This is the absolutely preferred deployment model for horizontal scaling because the Ontoserver instances auto-discover each other and coordinate themselves to manage the complexities of FHIR’s stateful interactions and content updates via syndication and preload feeds. (Currently this is managed using Infinispan.)

This mode is enabled by setting the configuration parameter:

ontoserver.deployment.scaled=true

this also implies (forces)

ontoserver.deployment.readOnly=true

The deployment then consists of

A shared PostgreSQL instance, typically using the cloud platform service since this simplifies backups and availability.
Each Ontoserver container using its own local container storage on the Docker host, ideally SSD to maximise performance.

In this readonly mode, Ontoserver ensures that no FHIR update operations can be performed (regardless of the security model and associated permissions in the token). The only only way to load / update content on the instances is via the preload and syndication feed(s).

Note that for SNOMED CT and LOINC, the associated content MUST remain available in these feeds so that newly started instances are able to load their indexes.

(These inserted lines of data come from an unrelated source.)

Lemma disjointPn A B : reflect (exists2 x, x \in A & x \in B) (~~ [disjoint A & B]).
Proof.
apply: (iffP idP) => [|[x xA xB]]; last by apply/disjointP => /(_ x xA xB).
by rewrite disjoint_subset => /subsetPn [x xA]; rewrite inE negbK; exists x.
Qed.

Lemma set2_inj a b c d : [set a; b] = [set c; d] -> (a = c /\ b = d) \/ (a = d /\ b = c).
Proof.
move=> eq_ab_cd.
have aS : a \in [set c; d] by rewrite -eq_ab_cd set21.
have bS : b \in [set c; d] by rewrite -eq_ab_cd set22.
have cS : c \in [set a; b] by rewrite eq_ab_cd set21.
have dS : d \in [set a; b] by rewrite eq_ab_cd set22.
case/set2P: aS => ac; case/set2P: bS => bd; subst; auto;
  case/set2P: cS => ?; case/set2P: dS => ?; subst; auto.
Qed.

Lemma sum_nat_of_bool (P : pred T) : \sum_(x : T) (P x : nat) = #|P|.
Proof.
by rewrite -sum1_card [RHS]big_mkcond; apply: eq_bigr => x _; rewrite unfold_in; case: (P x).
Qed.

Lemma sum_option (F : option T -> nat) :
  \sum_x F x = F None + \sum_y F (Some y).
Proof. by rewrite /index_enum !unlock /= /reducebig foldr_map !unlock. Qed.

Lemma prod_nat_of_bool (P : pred T) : \prod_(x : T) (P x : nat) = [forall x, P x].
Proof.
case: (boolP [forall x, P x]) => [/forallP allP|/forallPn [x nPx]].
  by rewrite big1 // => x _; rewrite allP.
by rewrite (bigD1 x) //= (negbTE nPx).
Qed.

End FiniteFacts.

Lemma card_ord_ge n m : #|[pred i : 'I_n | m <= i]| = n - m.
Proof.
rewrite -sum1_card -[RHS]muln1 -sum_nat_const_nat big_geq_mkord.
by apply: eq_bigl => i; rewrite !inE.
Qed.

Section Matchings.
Variables (V : finType) (e : rel V).
Implicit Types (M N : {set {set V}}) (f g : {set V}).

Lemma matchingP M :
  reflect (M \subset edges e /\ {in M &, forall f g, f != g -> [disjoint f & g]})
          (is_matching e M).
Proof.
apply: (iffP andP) => [[sME /forall_inP dM]|[sME dM]]; split => //.
  by move=> f g fM gM; move/forall_inP: (dM f fM) => /(_ g gM) /implyP.
by apply/forall_inP => f fM; apply/forall_inP => g gM; apply/implyP; apply: dM.
Qed.

Lemma matching_meet_eq M f g v :
  is_matching e M -> f \in M -> g \in M -> v \in f -> v \in g -> f = g.
Proof.
case/matchingP => _ dM fM gM vf vg; apply/eqP; apply: contraT => /(dM f g fM gM).
by move/disjointFr => /(_ v vf); rewrite vg.
Qed.

Lemma edge_nonempty f : f \in edges e -> exists x, x \in f.
Proof.
rewrite inE => /existsP [x /existsP [y /andP [_ /eqP ->]]].
by exists x; rewrite set21.
Qed.

Lemma maximal_matchingP M :
  reflect (is_matching e M /\ forall f, f \in edges e -> exists2 g, g \in M & ~~ [disjoint f & g])
          (is_maximal_matching e M).
Proof.
apply: (iffP andP) => [[mM /forallP maxM]|[mM domM]]; split => //.
- move=> f fE; apply/exists_inP; apply: contraT => /exists_inPn /= fM_disj.
  have f_disj g : g \in M -> [disjoint f & g] by move=> gM; apply/negPn/fM_disj.
  case/matchingP: (mM) => sME dM.
  have mfM : is_matching e (f |: M).
    apply/matchingP; split; first by rewrite subUset sub1set fE.
    move=> f1 g1 /setU1P[->|f1M] /setU1P[->|g1M]; rewrite ?eqxx //.
    - by move=> _; apply: f_disj.
    - by move=> _; rewrite disjoint_sym; apply: f_disj.
    - exact: dM.
  have /eqP eq_fM := implyP (maxM (f |: M)) (introT andP (conj mfM (subsetUr _ _))).
  have [x xf] := edge_nonempty fE.
  have fM : f \in M by rewrite -eq_fM setU11.
  by move: (disjointFr (f_disj f fM) xf); rewrite xf.
- apply/forallP => N; apply/implyP => /andP [mN sMN].
  rewrite eqEsubset andbC sMN /=; apply/subsetP => f fN.
  have [g gM meet_fg] := domM f (subsetP (proj1 (matchingP _ mN)) f fN).
  have [x xf xg] := disjointPn _ _ meet_fg.
  by rewrite (matching_meet_eq mN fN (subsetP sMN g gM) xf xg).
Qed.
(* int_rho' q - t int_rho q = (1 - t) int_rho' q - t int_(rho - rho') q
   <= (1 - t) (c + eta) t x - t c (1 - t) x = t (1 - t) x eta <= eta. *)
Lemma Rintegral_lower_part_le (rho' : set R) c eta t :
  measurable rho' -> rho' `<=` rho -> 0 <= t <= 1 -> fine (mu rho') = t * x ->
  0 <= eta -> (forall z, rho' z -> q z <= c + eta) ->
  (forall z, rho z -> ~ rho' z -> c <= q z) ->
  Rintegral mu rho' q <= t * Rintegral mu rho q + eta.
Proof.
move=> mrho' rho'rho /andP[t0 t1] murho' eta0 low high.
pose D := rho `\` rho'.
have mD : measurable D by exact: measurableD.
have rho'U : rho' `<=` U by move=> z /rho'rho /rhoU.
have DU : D `<=` U by move=> z [/rhoU].
have [rho'D rho'D0] : rho' `|` D = rho /\ rho' `&` D = set0 by rewrite setDUK // setDIK.
have muD : fine (mu D) = x - t * x.
  by have := fine_measureU_sub_unit_itv mrho' mD rho'U DU rho'D0; rewrite rho'D murho'; lra.
have I' : Rintegral mu rho' q <= (c + eta) * (t * x).
  by rewrite -murho'; exact: Rintegral_le_cst.
have ID : c * (x - t * x) <= Rintegral mu D q.
  by rewrite -muD; apply: Rintegral_ge_cst => // z [rz nz]; exact: high.
have x01 := fine_measure_sub_unit_itv mrho rhoU.
rewrite -rho'D Rintegral_setU_sub_unit_itv //.
have h1 : 0 <= (1 - t) * ((c + eta) * (t * x) - Rintegral mu rho' q).
  by apply: mulr_ge0; lra.
have h2 : 0 <= t * (Rintegral mu D q - c * (x - t * x)) by apply: mulr_ge0; lra.
have h3 : 0 <= eta * (1 - (1 - t) * (t * x)).
  by rewrite mulr_ge0 // subr_ge0 !mulr_ile1 ?mulr_ge0 //; lra.
nra.
Qed.

Lemma lower_fraction_exists t eta : 0 < x -> 0 < t < 1 -> 0 < eta ->
  exists rho' : set R, [/\ measurable rho', rho' `<=` U,
    mu rho' = (t * x)%:E & Rintegral mu rho' q <= t * Rintegral mu rho q + eta].
Proof.
move=> x0 /andP[t0 t1] eta0.
have [|c [rho' [mrho' rho'rho murho' low high]]] := lower_part_exists (y := t * x) _ eta0.
  by rewrite mulr_gt0 //= gtr_pMl.
exists rho'; split => //; first by move=> z /rho'rho /rhoU.
apply: (Rintegral_lower_part_le mrho' rho'rho _ _ (ltW eta0) low high).
- by rewrite !ltW.
- by rewrite murho'.
Qed.

End lower_part.

Lemma rcost_le (rho : set R) y : measurable rho -> rho `<=` U -> mu rho = y%:E ->
  rcost q y <= Rintegral mu rho q.
Proof.
move=> mrho rhoU murho; apply: ge_inf; last by exists rho.
by exists (- normq) => _ [A [mA AU _ ->]]; exact: Rintegral_ge_NL1norm.
Qed.

Lemma rcost0_le0 : rcost q 0 <= 0.
Proof.
by have := rcost_le measurable0 (sub0set U) (measure0 mu); rewrite Rintegral_set0.
Qed.

Lemma rcost_scale_le y t : 0 <= y <= 1 -> 0 <= t <= 1 ->
  rcost q (t * y) <= t * rcost q y.
Proof.
move=> /andP[y0 y1] /andP[t0 t1]; have r0 := rcost0_le0.
move: t0; rewrite le_eqVlt => /predU1P[<-|t0]; first by rewrite !mul0r.
move: t1; rewrite le_eqVlt => /predU1P[->|t1]; first by rewrite !mul1r.
move: y0; rewrite le_eqVlt => /predU1P[<-|y0]; first by rewrite mulr0; nra.
apply/ler_addgt0Pr => e e0.
suff : (rcost q (t * y) - e) / t <= rcost q y by rewrite ler_pdivrMr // => h; nra.
apply: lb_le_inf.
  have [|E [mE EU muE]] := measure_sub_ivt (@measurable_unit_itv R) (@subset_refl _ U) (y := y).
    by rewrite lebesgue_measure_unit_itv /= y1 ltW.
  by exists (Rintegral mu E q), E.
move=> _ [rho [mrho rhoU murho ->]].
have [||rho' [mrho' rho'U murho' cost']] := lower_fraction_exists mrho rhoU (t := t) _ _ e0.
- by rewrite murho.
- by rewrite t0 t1.
rewrite murho /= in murho'.
by have := rcost_le mrho' rho'U murho'; rewrite ler_pdivrMr //; lra.
Qed.
(* In the setting described in the context, consider the optimization problem $$\max_{\boldsymbol\alpha}\ \min_{(i,\theta_b)\in\Xi}W_i(\theta_b)G_i(\theta_b)\quad\text{subject to}\quad\sum_{i=1}^k\sum_{b=1}^B\alpha_i(\theta_b)=1,\ \alpha_i(\theta_b)\ge0.$$ An allocation $\boldsymbol\alpha$ is optimal for this problem if and only if it satisfies all of the following: (i) (global balance) for all $1\le b\le B$, $\ \alpha_{i^b}^2(\theta_b)/\lambda_{i^b}^2(\theta_b)=\sum_{i\ne i^b,\,i\ne i^*}\alpha_i^2(\theta_b)/\lambda_i^2(\theta_b)$; (ii) (pairwise balance) for all $(i,\theta_b),(j,\theta_{b'})\in\Xi$, $\ W_i(\theta_b)G_i(\theta_b)=W_j(\theta_{b'})G_j(\theta_{b'})$; (iii) $\alpha_{i^*}(\theta_b)=0$ for all $\theta_b\notin\Theta_{i^*}$.
   Context: There are $k\ge2$ solutions and $B$ parameter values $\theta_1,\dots,\theta_B$ with probabilities $p_1,\dots,p_B>0$, $\sum_bp_b=1$. For each $i,b$, $y_i(\theta_b)$ is a real number (mean simulation output) and $\lambda_i(\theta_b)>0$ (simulation standard deviation). Each $i^b=\arg\min_iy_i(\theta_b)$ is assumed unique, and $i^*=\arg\max_i\sum_bp_b\mathbf 1\{i=i^b\}$ is assumed unique. Favorable sets: $\Theta_i=\{\theta_b:i^b=i\}$. For an allocation $\boldsymbol\alpha=(\alpha_i(\theta_b))$ and $i\ne i^b$, $$G_i(\theta_b)=\frac{(y_i(\theta_b)-y_{i^b}(\theta_b))^2}{2\left(\lambda_i^2(\theta_b)/\alpha_i(\theta_b)+\lambda_{i^b}^2(\theta_b)/\alpha_{i^b}(\theta_b)\right)},$$ with $G_i(\theta_b)=0$ if $\alpha_i(\theta_b)=0$ or $\alpha_{i^b}(\theta_b)=0$. Let $d_j=\sum_bp_b\mathbf 1\{i^*=i^b\}-\sum_bp_b\mathbf 1\{j=i^b\}$ and $\Xi=\{(i,\theta_b):i\ne i^*,i\ne i^b\}$. Balance weights for $(i,\theta_b)\in\Xi$: $$W_i(\theta_b)=\begin{cases}\max\left\{\min\left(\min_{j\ne i^*}d_j,\ d_i/2\right)/p_b,\ 1\right\},&\theta_b\in\Theta_{i^*},\\ \max\{d_i/p_b,1\},&\theta_b\notin\Theta_{i^*}.\end{cases}$$ *)

From mathcomp Require Import all_boot all_order all_algebra.
Set Implicit Arguments. Unset Strict Implicit. Unset Printing Implicit Defensive.
Import Order.TTheory GRing.Theory Num.Theory.
Local Open Scope ring_scope.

Separate disk and database (legacy)

Typically this is achieved using:

A PostgreSQL container deployed alongside each Ontoserver container, typically using local container storage, ideally on the same host to minimise latency
Each Ontoserver container using its own local container storage on the Docker host, ideally SSD to maximise performance.

This method uses entirely transient storage for the containers, and relies upon Ontoserver instances being able to rebuild their disk and database state upon boot from their configured preload syndication feed. This method uses the read-only nature of the endpoint to remove the need to synchronise state due to write operations for each Ontoserver instance – state is synchronised to the configured common preload syndication feed.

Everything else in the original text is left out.